В квартале Монпарнас дело обстояло гораздо серьезнее, хотя работать там мне в некоторых отношениях было легче. Должен, к своему стыду, признаться, что с этими бедными итальянцами я ладил гораздо лучше, чем с моими земляками, которые нередко бывали упрямы, угрюмы, всем недовольны, а к тому же требовательны и думали только о себе. Итальянцы же, которые не привезли в чужие края ничего, кроме своих жалких грошей, своего неиссякаемого терпения, веселости и приветливости, были, наоборот, всегда довольны и благодарны и трогательно помогали друг другу. Когда в семью Сальваторе пришел дифтерит, Арканджело Фуско, подметальщик улиц, немедленно бросил работу и превратился в преданную сиделку. Заболели все три девочки, старшая умерла, и в тот же день слегла измученная мать. Только Петруччо, беспомощный идиот, дитя горя, по непостижимой воле божьей остался здоровым. Дифтерит свирепствовал по всему тупику Руссель, где в каждой семье было по нескольку детей. Обе детские больницы были переполнены. Но даже если бы там оказались свободные койки, они были не для детей этих бедных иностранцев. И вот о них заботились Арканджело Фуско и я, а те, на которых у нас не хватало времени (а таких было много!), могли жить или умирать по своему усмотрению.

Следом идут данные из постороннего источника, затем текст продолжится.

(* In $NOM$, writing $\phi\perp\!\!\!\perp\psi$ for $(\phi\rightarrow(\psi\rightarrow\phi))\wedge(\psi\rightarrow(\phi\rightarrow\psi))$, the following rules are derivable for all finite sequences $\Gamma,\Delta$ of formulas and all formulas $\phi,\psi,\chi$: from $\Gamma,\phi,\psi\vdash\phi$ and $\Gamma,\psi,\phi\vdash\psi$ infer $\Gamma\vdash\phi\perp\!\!\!\perp\psi$; from $\Gamma\vdash\phi\perp\!\!\!\perp\psi$ and $\Gamma,\phi,\psi,\Delta\vdash\chi$ infer $\Gamma,\psi,\phi,\Delta\vdash\chi$; from $\Gamma\vdash\phi\perp\!\!\!\perp\psi$ and $\Gamma,\psi,\phi,\Delta\vdash\chi$ infer $\Gamma,\phi,\psi,\Delta\vdash\chi$.
   Context: The propositional deductive system $NOM$: formulas are built from propositional letters using $\wedge$, $\rightarrow$, $\neg$. Sequents are $\phi_1,\ldots,\phi_n\vdash\psi$ ($n\ge0$) with antecedent a finite ordered sequence; commas denote concatenation. With $\Gamma$ a finite possibly empty sequence of formulas and $\phi,\psi,\chi$ formulas, the rules of $NOM$ are: (assumption) $\Gamma,\phi\vdash\phi$; (cut) $\Gamma\vdash\phi$, $\Gamma,\phi\vdash\psi$ $\Rightarrow$ $\Gamma\vdash\psi$; (paste) $\Gamma\vdash\phi$, $\Gamma\vdash\psi$ $\Rightarrow$ $\Gamma,\phi\vdash\psi$; (compatible exchange) $\Gamma,\phi,\psi\vdash\phi$, $\Gamma,\phi,\psi\vdash\chi$, $\Gamma,\psi,\phi\vdash\psi$ $\Rightarrow$ $\Gamma,\psi,\phi\vdash\chi$; ($\wedge$-intro) $\Gamma\vdash\phi$, $\Gamma\vdash\psi$ $\Rightarrow$ $\Gamma\vdash\phi\wedge\psi$; ($\wedge$-elim) $\Gamma\vdash\phi\wedge\psi$ $\Rightarrow$ $\Gamma\vdash\phi$ and $\Rightarrow$ $\Gamma\vdash\psi$; ($\rightarrow$-intro) $\Gamma,\phi\vdash\psi$ $\Rightarrow$ $\Gamma\vdash\phi\rightarrow\psi$; ($\rightarrow$-elim) $\Gamma\vdash\phi\rightarrow\psi$ $\Rightarrow$ $\Gamma,\phi\vdash\psi$; (excluded middle) $\Gamma,\phi\vdash\psi$, $\Gamma,\neg\phi\vdash\psi$ $\Rightarrow$ $\Gamma\vdash\psi$; (explosion) $\Gamma\vdash\neg\phi$ $\Rightarrow$ $\Gamma,\phi\vdash\psi$. A rule schema is derivable if in every instance its conclusion can be derived from its premises using these rules. *)

From Stdlib Require Import List.
Import ListNotations.

Inductive formula : Type :=
| Var : nat -> formula
| And : formula -> formula -> formula
| Imp : formula -> formula -> formula
| Neg : formula -> formula.

Record sequent : Type := Seq { ante : list formula ; succ : formula }.

Inductive NOM_from (P : sequent -> Prop) : sequent -> Prop :=
| nom_prem : forall s, P s -> NOM_from P s
| nom_assumption : forall G phi, NOM_from P (Seq (G ++ [phi]) phi)
| nom_cut : forall G phi psi,
    NOM_from P (Seq G phi) -> NOM_from P (Seq (G ++ [phi]) psi) ->
    NOM_from P (Seq G psi)
| nom_paste : forall G phi psi,
    NOM_from P (Seq G phi) -> NOM_from P (Seq G psi) ->
    NOM_from P (Seq (G ++ [phi]) psi)
| nom_exch : forall G phi psi chi,
    NOM_from P (Seq (G ++ [phi; psi]) phi) ->
    NOM_from P (Seq (G ++ [phi; psi]) chi) ->
    NOM_from P (Seq (G ++ [psi; phi]) psi) ->
    NOM_from P (Seq (G ++ [psi; phi]) chi)
| nom_and_i : forall G phi psi,
    NOM_from P (Seq G phi) -> NOM_from P (Seq G psi) ->
    NOM_from P (Seq G (And phi psi))
| nom_and_e1 : forall G phi psi,
    NOM_from P (Seq G (And phi psi)) -> NOM_from P (Seq G phi)
| nom_and_e2 : forall G phi psi,
    NOM_from P (Seq G (And phi psi)) -> NOM_from P (Seq G psi)
| nom_imp_i : forall G phi psi,
    NOM_from P (Seq (G ++ [phi]) psi) -> NOM_from P (Seq G (Imp phi psi))
| nom_imp_e : forall G phi psi,
    NOM_from P (Seq G (Imp phi psi)) -> NOM_from P (Seq (G ++ [phi]) psi)
| nom_em : forall G phi psi,
    NOM_from P (Seq (G ++ [phi]) psi) -> NOM_from P (Seq (G ++ [Neg phi]) psi) ->
    NOM_from P (Seq G psi)
| nom_explosion : forall G phi psi,
    NOM_from P (Seq G (Neg phi)) -> NOM_from P (Seq (G ++ [phi]) psi).

Definition derivable_rule (prems : list sequent) (concl : sequent) : Prop :=
  NOM_from (fun s => In s prems) concl.

Definition indep (phi psi : formula) : formula :=
  And (Imp phi (Imp psi phi)) (Imp psi (Imp phi psi)).

From Stdlib Require Import List.
Import ListNotations.

(* The exchange rule only acts at the end of the antecedent; to exchange
   [phi; psi] in front of a tail D, first discharge D into the succedent
   with ->-intro, exchange, and restore D with ->-elim.  Independence
   [indep phi psi] packages exactly the two side premises of exchange. *)

Fixpoint imps (D : list formula) (c : formula) : formula :=
  match D with [] => c | a :: D' => Imp a (imps D' c) end.

Section Derivations.

Variable P : sequent -> Prop.

Lemma NOM_imps_intro D G c :
  NOM_from P (Seq (G ++ D) c) -> NOM_from P (Seq G (imps D c)).
Proof.
  revert G; induction D as [|a D IH]; intros G H; simpl.
  - rewrite app_nil_r in H; exact H.
  - apply nom_imp_i, IH; rewrite <- app_assoc; exact H.
Qed.

Lemma NOM_imps_elim D G c :
  NOM_from P (Seq G (imps D c)) -> NOM_from P (Seq (G ++ D) c).
Proof.
  revert G; induction D as [|a D IH]; intros G H; simpl in H.
  - rewrite app_nil_r; exact H.
  - change (a :: D) with ([a] ++ D); rewrite app_assoc.
    apply IH, nom_imp_e; exact H.
Qed.

Lemma NOM_exch_app G D phi psi chi :
  NOM_from P (Seq (G ++ [phi; psi]) phi) ->
  NOM_from P (Seq (G ++ [psi; phi]) psi) ->
  NOM_from P (Seq (G ++ [phi; psi] ++ D) chi) ->
  NOM_from P (Seq (G ++ [psi; phi] ++ D) chi).
Proof.
  intros Hphi Hpsi H; rewrite app_assoc; apply NOM_imps_elim.
  apply nom_exch; [exact Hphi | | exact Hpsi].
  apply NOM_imps_intro; rewrite <- app_assoc; exact H.
Qed.

Lemma NOM_imp2_elim G a b c :
  NOM_from P (Seq G (Imp a (Imp b c))) -> NOM_from P (Seq (G ++ [a; b]) c).
Proof. exact (NOM_imps_elim [a; b] G c). Qed.

Lemma NOM_indep_intro G phi psi :
  NOM_from P (Seq (G ++ [phi; psi]) phi) ->
  NOM_from P (Seq (G ++ [psi; phi]) psi) ->
  NOM_from P (Seq G (indep phi psi)).
Proof.
  intros Hphi Hpsi; apply nom_and_i;
    [exact (NOM_imps_intro [phi; psi] _ _ Hphi)
    | exact (NOM_imps_intro [psi; phi] _ _ Hpsi)].
Qed.

Lemma NOM_indep_elim_l G phi psi :
  NOM_from P (Seq G (indep phi psi)) -> NOM_from P (Seq (G ++ [phi; psi]) phi).
Proof. intro H; apply NOM_imp2_elim; exact (nom_and_e1 _ _ _ _ H). Qed.

Lemma NOM_indep_elim_r G phi psi :
  NOM_from P (Seq G (indep phi psi)) -> NOM_from P (Seq (G ++ [psi; phi]) psi).
Proof. intro H; apply NOM_imp2_elim; exact (nom_and_e2 _ _ _ _ H). Qed.

Lemma NOM_indep_sym G phi psi :
  NOM_from P (Seq G (indep phi psi)) -> NOM_from P (Seq G (indep psi phi)).
Proof.
  intro H; apply NOM_indep_intro;
    [exact (NOM_indep_elim_r _ _ _ H) | exact (NOM_indep_elim_l _ _ _ H)].
Qed.

Lemma NOM_exch_indep G D phi psi chi :
  NOM_from P (Seq G (indep phi psi)) ->
  NOM_from P (Seq (G ++ [phi; psi] ++ D) chi) ->
  NOM_from P (Seq (G ++ [psi; phi] ++ D) chi).
Proof.
  intro H; apply NOM_exch_app;
    [exact (NOM_indep_elim_l _ _ _ H) | exact (NOM_indep_elim_r _ _ _ H)].
Qed.

End Derivations.

Lemma derivable_rule_prem prems s : In s prems -> derivable_rule prems s.
Proof. exact (nom_prem _ s). Qed.

Theorem proposition4p7 :
  forall (G D : list formula) (phi psi chi : formula),
    derivable_rule
      [Seq (G ++ [phi; psi]) phi; Seq (G ++ [psi; phi]) psi]
      (Seq G (indep phi psi))
    /\ derivable_rule
      [Seq G (indep phi psi); Seq (G ++ [phi; psi] ++ D) chi]
      (Seq (G ++ [psi; phi] ++ D) chi)
    /\ derivable_rule
      [Seq G (indep phi psi); Seq (G ++ [psi; phi] ++ D) chi]
      (Seq (G ++ [phi; psi] ++ D) chi).
Proof.
  intros G D phi psi chi; split; [|split].
  - apply NOM_indep_intro; apply derivable_rule_prem; simpl; auto.
  - apply NOM_exch_indep; apply derivable_rule_prem; simpl; auto.
  - apply NOM_exch_indep; [apply NOM_indep_sym |];
      apply derivable_rule_prem; simpl; auto.
Qed.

Врач, которому довелось в одиночку бороться со вспышкой дифтерита среди бедняков, без дезинфицирующих средств для себя и других, не может без ужаса вспоминать об этом испытании, каким бы закаленным он ни был! Я часами смазывал и выскребывал горло одному ребенку за другим, потому что в те дни другого лечения не было. А потом наступала минута, когда уже не удавалось снимать смертоносные пленки, закупоривающие дыхательное горло, когда ребенок синел от удушья и должен был вот-вот умереть, и спасти его могла только немедленная трахеотомия. Неужели я должен немедленно оперировать, даже не на столе, а на этой низкой кровати или на коленях матери, при свете жалкой керосиновой лампы, и не имея другого ассистента, кроме подметальщика улиц? Нельзя ли отложить до утра и попытаться позвать лучшего хирурга, чем я? Имею я право отложить? Хватит у меня духу отложить? Увы, я откладывал до утра, а тогда бывало уже поздно, и ребенок умирал у меня на глазах. Но я и оперировал немедленно, без сомнения, спасая жизнь ребенка, и я оперировал немедленно и видел, как ребенок умирал у меня под ножом. В одном отношении мне было даже тяжелее, чем многим другим врачам, попадавшим в такое же отчаянное положение: я сам смертельно боялся дифтерита и не мог преодолеть этот страх. Но Арканджело Фуско не боялся. Он понимал опасности не хуже меня и сам видел, как заразна эта болезнь, но он не думал о себе, он думал только о других. Когда все осталось позади, я снискал много похвал — даже от благотворительных учреждений, но никто не сказал ни слова Арканджело Фуско, который продал свой праздничный костюм, чтобы заплатить гробовщику, забравшему труп маленькой девочки.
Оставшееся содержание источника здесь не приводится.